Stored data:
——
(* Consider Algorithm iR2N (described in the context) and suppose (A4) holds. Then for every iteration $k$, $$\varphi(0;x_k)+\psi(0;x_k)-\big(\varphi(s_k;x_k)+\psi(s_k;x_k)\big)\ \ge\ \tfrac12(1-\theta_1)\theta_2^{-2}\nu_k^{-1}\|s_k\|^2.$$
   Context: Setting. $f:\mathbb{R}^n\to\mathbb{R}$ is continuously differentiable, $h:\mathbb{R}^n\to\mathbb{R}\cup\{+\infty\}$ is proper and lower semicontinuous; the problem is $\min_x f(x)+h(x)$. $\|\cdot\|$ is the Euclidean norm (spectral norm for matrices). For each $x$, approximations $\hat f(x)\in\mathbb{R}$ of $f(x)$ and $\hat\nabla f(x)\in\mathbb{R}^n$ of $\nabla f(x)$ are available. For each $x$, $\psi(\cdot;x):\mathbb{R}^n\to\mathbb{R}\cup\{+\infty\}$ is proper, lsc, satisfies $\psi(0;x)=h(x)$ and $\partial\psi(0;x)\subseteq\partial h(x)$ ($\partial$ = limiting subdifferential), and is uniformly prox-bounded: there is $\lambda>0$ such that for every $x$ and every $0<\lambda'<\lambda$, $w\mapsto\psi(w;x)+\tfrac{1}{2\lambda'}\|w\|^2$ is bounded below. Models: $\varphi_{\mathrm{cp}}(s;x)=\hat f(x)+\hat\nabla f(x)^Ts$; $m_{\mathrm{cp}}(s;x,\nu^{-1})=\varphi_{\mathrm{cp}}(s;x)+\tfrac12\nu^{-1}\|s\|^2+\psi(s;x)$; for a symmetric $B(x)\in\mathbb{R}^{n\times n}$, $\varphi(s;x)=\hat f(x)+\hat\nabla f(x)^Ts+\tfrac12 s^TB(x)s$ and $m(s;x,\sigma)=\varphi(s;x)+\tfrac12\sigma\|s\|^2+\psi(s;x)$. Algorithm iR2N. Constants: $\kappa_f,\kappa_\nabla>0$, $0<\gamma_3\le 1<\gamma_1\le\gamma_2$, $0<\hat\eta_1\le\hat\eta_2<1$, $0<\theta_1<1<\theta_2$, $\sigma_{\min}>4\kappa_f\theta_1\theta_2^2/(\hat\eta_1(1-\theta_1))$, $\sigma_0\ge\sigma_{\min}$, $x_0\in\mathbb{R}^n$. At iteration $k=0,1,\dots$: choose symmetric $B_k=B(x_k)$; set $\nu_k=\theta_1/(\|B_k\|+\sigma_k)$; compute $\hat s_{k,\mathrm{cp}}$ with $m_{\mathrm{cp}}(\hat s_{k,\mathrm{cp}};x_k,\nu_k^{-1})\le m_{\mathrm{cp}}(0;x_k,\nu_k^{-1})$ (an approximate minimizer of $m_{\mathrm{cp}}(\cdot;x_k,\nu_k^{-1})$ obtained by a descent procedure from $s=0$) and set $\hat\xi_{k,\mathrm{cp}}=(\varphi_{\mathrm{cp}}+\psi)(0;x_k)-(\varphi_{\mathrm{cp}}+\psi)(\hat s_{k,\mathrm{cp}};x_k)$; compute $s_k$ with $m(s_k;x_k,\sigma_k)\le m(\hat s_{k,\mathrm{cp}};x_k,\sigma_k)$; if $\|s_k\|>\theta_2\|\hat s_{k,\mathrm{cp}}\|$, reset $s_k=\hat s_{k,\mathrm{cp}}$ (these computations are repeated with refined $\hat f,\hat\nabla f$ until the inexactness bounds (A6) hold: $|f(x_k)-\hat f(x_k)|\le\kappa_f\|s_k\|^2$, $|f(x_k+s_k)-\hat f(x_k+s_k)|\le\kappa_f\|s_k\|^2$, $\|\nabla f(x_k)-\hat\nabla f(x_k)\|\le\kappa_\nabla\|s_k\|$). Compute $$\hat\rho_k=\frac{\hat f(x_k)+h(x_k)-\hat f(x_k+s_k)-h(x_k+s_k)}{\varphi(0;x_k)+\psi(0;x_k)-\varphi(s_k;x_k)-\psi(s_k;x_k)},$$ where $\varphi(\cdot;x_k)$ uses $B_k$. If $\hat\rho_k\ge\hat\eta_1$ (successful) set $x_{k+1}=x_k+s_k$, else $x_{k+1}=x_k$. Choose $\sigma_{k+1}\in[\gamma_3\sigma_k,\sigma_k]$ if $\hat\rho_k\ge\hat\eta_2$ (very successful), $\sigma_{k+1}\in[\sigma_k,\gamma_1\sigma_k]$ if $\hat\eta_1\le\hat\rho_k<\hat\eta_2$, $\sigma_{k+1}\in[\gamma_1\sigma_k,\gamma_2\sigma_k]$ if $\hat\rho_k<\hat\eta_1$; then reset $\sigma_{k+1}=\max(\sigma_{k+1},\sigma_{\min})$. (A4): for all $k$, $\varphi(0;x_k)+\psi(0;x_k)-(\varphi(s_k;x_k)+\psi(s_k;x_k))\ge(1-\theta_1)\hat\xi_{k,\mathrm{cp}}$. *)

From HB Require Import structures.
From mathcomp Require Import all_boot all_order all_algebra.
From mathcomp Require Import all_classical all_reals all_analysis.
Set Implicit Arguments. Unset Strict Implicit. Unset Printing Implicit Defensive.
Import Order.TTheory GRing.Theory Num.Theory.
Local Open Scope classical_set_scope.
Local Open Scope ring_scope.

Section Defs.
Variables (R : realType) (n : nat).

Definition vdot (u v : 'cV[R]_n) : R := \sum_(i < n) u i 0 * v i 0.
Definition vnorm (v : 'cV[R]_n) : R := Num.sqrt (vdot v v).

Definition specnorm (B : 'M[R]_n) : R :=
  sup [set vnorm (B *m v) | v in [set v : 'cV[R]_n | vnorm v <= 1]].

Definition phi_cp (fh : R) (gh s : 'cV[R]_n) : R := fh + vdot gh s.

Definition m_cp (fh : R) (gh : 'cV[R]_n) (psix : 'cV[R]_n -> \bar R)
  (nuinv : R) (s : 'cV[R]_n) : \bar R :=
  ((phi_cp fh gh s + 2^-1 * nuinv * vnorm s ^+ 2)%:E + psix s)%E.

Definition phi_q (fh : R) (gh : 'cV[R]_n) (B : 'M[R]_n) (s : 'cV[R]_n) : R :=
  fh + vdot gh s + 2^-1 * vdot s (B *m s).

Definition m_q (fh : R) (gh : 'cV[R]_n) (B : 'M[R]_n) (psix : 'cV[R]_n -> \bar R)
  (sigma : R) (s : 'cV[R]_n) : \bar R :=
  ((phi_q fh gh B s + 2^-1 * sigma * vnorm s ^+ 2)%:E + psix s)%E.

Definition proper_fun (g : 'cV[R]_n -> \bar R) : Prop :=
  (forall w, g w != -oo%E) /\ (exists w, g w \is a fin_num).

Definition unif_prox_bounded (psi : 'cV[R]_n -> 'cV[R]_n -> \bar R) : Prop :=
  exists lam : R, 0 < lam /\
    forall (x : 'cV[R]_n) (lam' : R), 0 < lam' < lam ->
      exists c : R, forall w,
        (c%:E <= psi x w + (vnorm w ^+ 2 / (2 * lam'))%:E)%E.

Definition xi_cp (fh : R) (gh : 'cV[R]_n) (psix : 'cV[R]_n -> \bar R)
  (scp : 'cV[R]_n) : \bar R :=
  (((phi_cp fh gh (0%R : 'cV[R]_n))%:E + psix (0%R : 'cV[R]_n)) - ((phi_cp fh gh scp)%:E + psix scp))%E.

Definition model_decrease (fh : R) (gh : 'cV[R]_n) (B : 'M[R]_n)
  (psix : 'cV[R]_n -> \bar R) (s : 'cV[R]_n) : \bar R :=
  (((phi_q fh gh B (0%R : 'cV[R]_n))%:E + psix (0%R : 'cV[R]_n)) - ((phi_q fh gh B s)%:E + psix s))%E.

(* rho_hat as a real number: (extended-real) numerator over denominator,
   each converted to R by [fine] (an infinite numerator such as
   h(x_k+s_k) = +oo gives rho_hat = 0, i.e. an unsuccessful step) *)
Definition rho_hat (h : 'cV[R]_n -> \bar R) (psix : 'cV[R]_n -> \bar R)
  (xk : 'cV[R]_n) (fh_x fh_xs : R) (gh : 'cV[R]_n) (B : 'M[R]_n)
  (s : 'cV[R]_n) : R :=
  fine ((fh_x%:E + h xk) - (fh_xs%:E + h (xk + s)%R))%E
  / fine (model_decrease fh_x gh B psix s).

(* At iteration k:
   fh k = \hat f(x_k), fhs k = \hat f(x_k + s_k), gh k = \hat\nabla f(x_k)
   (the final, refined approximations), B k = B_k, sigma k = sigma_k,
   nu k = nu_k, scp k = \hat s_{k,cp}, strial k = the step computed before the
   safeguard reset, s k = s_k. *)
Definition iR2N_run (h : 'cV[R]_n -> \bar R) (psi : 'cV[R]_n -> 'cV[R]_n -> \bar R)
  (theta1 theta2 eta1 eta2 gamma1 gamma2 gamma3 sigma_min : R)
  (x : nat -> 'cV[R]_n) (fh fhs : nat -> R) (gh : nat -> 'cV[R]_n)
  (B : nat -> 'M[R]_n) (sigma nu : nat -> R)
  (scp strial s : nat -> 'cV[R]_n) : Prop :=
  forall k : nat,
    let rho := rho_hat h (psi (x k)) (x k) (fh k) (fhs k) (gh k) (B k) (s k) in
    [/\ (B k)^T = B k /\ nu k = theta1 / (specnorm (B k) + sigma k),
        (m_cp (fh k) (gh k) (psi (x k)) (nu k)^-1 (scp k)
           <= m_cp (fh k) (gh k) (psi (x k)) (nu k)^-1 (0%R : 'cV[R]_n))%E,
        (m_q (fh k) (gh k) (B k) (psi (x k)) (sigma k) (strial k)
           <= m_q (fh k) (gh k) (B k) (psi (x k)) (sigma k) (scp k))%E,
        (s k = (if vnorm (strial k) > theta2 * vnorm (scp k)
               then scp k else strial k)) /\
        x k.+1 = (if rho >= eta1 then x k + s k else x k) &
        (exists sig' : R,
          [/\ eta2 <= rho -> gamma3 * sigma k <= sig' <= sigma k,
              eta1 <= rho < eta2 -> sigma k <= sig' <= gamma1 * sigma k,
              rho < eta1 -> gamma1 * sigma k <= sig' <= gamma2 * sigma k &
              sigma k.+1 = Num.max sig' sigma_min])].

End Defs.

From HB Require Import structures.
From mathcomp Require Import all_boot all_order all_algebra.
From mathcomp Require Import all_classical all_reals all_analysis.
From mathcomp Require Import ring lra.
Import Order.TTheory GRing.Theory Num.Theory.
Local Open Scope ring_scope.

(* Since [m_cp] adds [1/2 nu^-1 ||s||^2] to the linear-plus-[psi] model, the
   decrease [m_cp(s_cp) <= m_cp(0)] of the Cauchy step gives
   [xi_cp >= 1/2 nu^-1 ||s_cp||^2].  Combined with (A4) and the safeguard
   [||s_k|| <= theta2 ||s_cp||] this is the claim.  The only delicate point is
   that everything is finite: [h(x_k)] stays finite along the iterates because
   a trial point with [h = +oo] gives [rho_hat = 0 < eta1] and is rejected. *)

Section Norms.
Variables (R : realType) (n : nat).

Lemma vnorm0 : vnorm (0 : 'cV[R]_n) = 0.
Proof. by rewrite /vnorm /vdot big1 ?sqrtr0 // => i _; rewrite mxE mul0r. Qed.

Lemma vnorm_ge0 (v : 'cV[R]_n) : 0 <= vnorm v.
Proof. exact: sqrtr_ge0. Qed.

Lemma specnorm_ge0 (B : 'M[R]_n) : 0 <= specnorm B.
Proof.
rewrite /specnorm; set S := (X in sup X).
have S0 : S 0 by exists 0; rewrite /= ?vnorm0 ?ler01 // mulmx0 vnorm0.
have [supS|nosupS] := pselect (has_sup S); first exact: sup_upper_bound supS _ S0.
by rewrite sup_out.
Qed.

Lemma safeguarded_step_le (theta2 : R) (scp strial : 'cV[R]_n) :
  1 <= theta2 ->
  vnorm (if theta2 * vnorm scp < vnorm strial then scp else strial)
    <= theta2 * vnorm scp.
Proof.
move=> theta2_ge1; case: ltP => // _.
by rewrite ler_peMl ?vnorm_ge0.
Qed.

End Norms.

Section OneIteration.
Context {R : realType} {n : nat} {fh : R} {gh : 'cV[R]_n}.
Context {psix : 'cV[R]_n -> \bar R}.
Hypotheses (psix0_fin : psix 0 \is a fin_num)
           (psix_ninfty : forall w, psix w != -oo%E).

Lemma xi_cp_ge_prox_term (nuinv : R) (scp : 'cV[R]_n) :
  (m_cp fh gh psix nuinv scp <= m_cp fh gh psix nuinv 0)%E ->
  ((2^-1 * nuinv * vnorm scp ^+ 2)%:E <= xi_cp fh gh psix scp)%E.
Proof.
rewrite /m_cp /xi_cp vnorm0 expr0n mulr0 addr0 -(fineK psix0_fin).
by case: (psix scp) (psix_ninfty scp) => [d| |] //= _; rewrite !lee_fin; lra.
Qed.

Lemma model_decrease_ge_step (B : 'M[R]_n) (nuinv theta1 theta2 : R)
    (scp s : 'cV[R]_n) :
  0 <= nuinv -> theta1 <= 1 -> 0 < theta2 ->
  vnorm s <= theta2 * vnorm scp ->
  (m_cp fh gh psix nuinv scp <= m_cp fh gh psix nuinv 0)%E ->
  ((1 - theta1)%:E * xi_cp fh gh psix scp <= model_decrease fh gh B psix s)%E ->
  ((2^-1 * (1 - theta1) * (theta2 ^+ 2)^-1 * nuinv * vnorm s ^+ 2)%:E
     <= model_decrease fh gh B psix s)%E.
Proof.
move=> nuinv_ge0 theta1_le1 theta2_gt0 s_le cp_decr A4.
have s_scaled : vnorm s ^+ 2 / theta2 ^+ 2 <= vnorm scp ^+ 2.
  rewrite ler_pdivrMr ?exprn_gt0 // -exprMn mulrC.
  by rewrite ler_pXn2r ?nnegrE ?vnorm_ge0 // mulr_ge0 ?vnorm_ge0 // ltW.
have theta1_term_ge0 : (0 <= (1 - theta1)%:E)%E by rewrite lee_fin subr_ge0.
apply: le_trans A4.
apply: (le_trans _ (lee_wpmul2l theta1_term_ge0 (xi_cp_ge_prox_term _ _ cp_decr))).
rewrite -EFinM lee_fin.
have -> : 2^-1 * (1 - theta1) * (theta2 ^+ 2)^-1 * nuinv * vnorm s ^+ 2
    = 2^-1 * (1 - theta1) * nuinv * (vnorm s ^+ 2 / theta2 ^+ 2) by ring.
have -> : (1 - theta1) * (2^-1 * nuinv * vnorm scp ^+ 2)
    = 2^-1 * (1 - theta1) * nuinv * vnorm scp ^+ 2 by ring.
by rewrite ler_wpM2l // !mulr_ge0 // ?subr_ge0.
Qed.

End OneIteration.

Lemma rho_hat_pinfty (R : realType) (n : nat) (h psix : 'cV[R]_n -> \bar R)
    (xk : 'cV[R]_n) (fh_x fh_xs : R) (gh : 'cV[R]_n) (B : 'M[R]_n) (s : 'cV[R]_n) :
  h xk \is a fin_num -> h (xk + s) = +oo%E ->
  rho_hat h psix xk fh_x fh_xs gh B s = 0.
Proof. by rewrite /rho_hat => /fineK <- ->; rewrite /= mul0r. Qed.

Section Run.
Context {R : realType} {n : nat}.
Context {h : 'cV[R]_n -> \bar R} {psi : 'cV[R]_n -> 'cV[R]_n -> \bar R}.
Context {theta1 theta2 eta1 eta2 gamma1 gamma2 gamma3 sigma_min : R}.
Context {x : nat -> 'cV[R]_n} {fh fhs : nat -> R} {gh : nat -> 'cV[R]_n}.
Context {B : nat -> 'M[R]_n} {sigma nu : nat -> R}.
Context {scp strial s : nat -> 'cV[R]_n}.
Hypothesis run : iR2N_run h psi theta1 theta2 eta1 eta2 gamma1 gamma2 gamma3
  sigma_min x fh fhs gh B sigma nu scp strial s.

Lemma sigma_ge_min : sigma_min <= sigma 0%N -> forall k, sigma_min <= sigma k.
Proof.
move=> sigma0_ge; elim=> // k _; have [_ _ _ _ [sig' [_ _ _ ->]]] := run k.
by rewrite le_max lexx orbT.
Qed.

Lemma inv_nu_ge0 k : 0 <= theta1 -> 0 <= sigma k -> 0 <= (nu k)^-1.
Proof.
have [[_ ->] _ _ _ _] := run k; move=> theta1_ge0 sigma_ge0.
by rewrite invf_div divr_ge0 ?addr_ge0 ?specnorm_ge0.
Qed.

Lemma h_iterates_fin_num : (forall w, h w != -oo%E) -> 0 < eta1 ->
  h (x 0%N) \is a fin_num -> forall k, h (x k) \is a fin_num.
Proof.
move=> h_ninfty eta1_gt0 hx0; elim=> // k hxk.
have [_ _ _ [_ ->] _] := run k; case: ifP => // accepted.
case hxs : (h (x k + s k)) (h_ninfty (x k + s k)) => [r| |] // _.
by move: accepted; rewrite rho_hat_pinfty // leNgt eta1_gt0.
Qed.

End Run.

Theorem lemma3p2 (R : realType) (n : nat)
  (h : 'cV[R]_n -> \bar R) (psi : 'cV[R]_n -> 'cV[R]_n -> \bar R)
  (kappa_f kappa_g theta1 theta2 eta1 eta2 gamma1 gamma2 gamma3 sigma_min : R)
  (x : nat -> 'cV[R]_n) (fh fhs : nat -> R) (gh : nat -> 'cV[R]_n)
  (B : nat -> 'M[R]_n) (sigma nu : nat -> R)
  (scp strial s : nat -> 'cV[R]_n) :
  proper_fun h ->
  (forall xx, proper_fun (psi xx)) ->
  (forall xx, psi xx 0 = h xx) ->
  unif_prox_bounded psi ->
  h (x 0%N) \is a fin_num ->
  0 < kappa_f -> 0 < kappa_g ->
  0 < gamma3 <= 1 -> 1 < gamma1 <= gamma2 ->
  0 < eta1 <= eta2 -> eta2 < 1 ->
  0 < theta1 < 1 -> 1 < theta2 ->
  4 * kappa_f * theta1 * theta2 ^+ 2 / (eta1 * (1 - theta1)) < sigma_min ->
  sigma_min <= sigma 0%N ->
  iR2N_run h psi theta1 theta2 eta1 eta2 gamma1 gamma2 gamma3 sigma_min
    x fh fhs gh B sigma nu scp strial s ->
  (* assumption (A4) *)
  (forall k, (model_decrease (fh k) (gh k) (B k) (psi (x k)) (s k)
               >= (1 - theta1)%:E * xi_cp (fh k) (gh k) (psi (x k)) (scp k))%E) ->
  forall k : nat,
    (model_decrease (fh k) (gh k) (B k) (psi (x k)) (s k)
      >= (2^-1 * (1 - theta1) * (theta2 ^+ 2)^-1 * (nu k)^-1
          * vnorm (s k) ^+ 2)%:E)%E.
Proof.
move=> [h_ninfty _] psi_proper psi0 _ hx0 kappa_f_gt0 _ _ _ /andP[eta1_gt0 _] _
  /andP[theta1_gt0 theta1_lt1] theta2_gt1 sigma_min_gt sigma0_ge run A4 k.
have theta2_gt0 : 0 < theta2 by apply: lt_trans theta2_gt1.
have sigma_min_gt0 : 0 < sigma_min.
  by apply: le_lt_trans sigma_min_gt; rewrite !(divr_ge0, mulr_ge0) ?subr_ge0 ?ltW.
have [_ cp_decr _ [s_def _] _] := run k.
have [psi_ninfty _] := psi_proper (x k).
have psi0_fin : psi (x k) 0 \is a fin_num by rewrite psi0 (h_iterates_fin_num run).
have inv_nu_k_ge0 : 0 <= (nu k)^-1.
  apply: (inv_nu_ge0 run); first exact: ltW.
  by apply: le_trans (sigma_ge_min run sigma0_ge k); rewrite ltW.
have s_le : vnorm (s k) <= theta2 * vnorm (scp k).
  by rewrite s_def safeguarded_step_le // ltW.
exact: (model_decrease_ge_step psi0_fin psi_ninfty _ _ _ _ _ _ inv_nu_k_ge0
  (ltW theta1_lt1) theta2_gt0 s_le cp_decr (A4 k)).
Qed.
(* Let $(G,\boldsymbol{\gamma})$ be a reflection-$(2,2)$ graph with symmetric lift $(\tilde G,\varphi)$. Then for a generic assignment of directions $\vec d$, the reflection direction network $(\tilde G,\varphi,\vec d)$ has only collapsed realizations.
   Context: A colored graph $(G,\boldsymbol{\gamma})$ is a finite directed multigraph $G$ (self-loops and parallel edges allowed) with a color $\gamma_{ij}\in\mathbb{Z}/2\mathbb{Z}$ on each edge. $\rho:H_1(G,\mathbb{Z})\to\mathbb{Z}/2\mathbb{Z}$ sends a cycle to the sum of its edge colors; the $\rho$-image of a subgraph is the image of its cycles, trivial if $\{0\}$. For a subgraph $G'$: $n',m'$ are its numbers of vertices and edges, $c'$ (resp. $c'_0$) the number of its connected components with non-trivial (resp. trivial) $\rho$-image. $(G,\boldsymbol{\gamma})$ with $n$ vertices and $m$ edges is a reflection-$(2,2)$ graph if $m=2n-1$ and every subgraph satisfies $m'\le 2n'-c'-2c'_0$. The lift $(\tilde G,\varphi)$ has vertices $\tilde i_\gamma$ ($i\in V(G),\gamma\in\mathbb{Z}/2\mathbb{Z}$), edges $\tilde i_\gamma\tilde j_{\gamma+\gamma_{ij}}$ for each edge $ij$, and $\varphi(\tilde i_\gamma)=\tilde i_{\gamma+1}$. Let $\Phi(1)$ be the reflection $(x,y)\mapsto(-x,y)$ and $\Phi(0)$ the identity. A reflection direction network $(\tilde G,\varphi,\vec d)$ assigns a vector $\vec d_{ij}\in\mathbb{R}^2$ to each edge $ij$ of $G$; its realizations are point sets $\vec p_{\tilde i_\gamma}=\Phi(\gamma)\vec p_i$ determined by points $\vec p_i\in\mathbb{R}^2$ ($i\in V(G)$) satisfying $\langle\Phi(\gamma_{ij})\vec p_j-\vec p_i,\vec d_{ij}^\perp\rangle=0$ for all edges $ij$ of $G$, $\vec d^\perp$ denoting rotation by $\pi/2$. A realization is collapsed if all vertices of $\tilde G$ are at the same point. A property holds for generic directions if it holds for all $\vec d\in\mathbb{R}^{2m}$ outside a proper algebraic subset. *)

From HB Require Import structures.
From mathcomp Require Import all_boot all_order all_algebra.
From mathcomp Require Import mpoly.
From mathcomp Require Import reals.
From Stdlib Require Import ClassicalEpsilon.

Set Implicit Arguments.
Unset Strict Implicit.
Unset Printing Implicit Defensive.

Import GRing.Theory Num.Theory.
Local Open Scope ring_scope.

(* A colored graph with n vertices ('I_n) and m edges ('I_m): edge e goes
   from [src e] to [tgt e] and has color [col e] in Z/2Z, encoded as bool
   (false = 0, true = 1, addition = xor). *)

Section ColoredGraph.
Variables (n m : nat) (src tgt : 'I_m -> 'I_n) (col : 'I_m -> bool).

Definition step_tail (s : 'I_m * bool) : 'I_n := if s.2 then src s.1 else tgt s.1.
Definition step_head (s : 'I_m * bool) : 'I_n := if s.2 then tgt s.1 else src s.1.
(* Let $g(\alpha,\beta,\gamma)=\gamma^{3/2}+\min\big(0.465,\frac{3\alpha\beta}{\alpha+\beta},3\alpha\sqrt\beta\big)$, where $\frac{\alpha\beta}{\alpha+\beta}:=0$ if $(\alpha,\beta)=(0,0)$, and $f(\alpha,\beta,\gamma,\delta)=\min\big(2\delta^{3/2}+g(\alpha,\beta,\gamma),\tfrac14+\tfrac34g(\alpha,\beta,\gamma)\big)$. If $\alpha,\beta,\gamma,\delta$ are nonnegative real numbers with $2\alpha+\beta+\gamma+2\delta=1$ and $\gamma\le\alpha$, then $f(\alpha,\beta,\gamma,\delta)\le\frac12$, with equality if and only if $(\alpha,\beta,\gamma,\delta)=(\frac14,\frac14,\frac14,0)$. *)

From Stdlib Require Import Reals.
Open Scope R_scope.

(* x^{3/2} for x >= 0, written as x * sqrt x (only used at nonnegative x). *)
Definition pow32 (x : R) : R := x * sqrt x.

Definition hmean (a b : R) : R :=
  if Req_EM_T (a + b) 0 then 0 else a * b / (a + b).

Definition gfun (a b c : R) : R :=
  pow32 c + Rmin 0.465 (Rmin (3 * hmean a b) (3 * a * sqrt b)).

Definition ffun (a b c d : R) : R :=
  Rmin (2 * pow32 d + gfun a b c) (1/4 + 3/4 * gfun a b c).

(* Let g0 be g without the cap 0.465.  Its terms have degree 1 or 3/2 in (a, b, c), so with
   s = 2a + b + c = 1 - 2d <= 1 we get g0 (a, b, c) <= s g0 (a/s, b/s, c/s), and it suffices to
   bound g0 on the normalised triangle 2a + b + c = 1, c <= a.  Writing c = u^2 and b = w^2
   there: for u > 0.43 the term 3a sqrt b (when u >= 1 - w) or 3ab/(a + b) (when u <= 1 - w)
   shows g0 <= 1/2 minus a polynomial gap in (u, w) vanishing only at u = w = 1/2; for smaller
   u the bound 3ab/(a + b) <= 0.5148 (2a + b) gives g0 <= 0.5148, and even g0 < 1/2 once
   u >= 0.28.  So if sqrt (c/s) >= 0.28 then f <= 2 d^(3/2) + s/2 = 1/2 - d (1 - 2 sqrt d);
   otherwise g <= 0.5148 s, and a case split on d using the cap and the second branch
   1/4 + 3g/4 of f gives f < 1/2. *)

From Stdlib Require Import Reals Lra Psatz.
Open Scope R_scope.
——
* _Work request_:
For each line in the records that holds "nonnegative", show that line as it stands.

* _Solution to this exercise_:
(* Let $g(\alpha,\beta,\gamma)=\gamma^{3/2}+\min\big(0.465,\frac{3\alpha\beta}{\alpha+\beta},3\alpha\sqrt\beta\big)$, where $\frac{\alpha\beta}{\alpha+\beta}:=0$ if $(\alpha,\beta)=(0,0)$, and $f(\alpha,\beta,\gamma,\delta)=\min\big(2\delta^{3/2}+g(\alpha,\beta,\gamma),\tfrac14+\tfrac34g(\alpha,\beta,\gamma)\big)$. If $\alpha,\beta,\gamma,\delta$ are nonnegative real numbers with $2\alpha+\beta+\gamma+2\delta=1$ and $\gamma\le\alpha$, then $f(\alpha,\beta,\gamma,\delta)\le\frac12$, with equality if and only if $(\alpha,\beta,\gamma,\delta)=(\frac14,\frac14,\frac14,0)$. *)
(* x^{3/2} for x >= 0, written as x * sqrt x (only used at nonnegative x). *)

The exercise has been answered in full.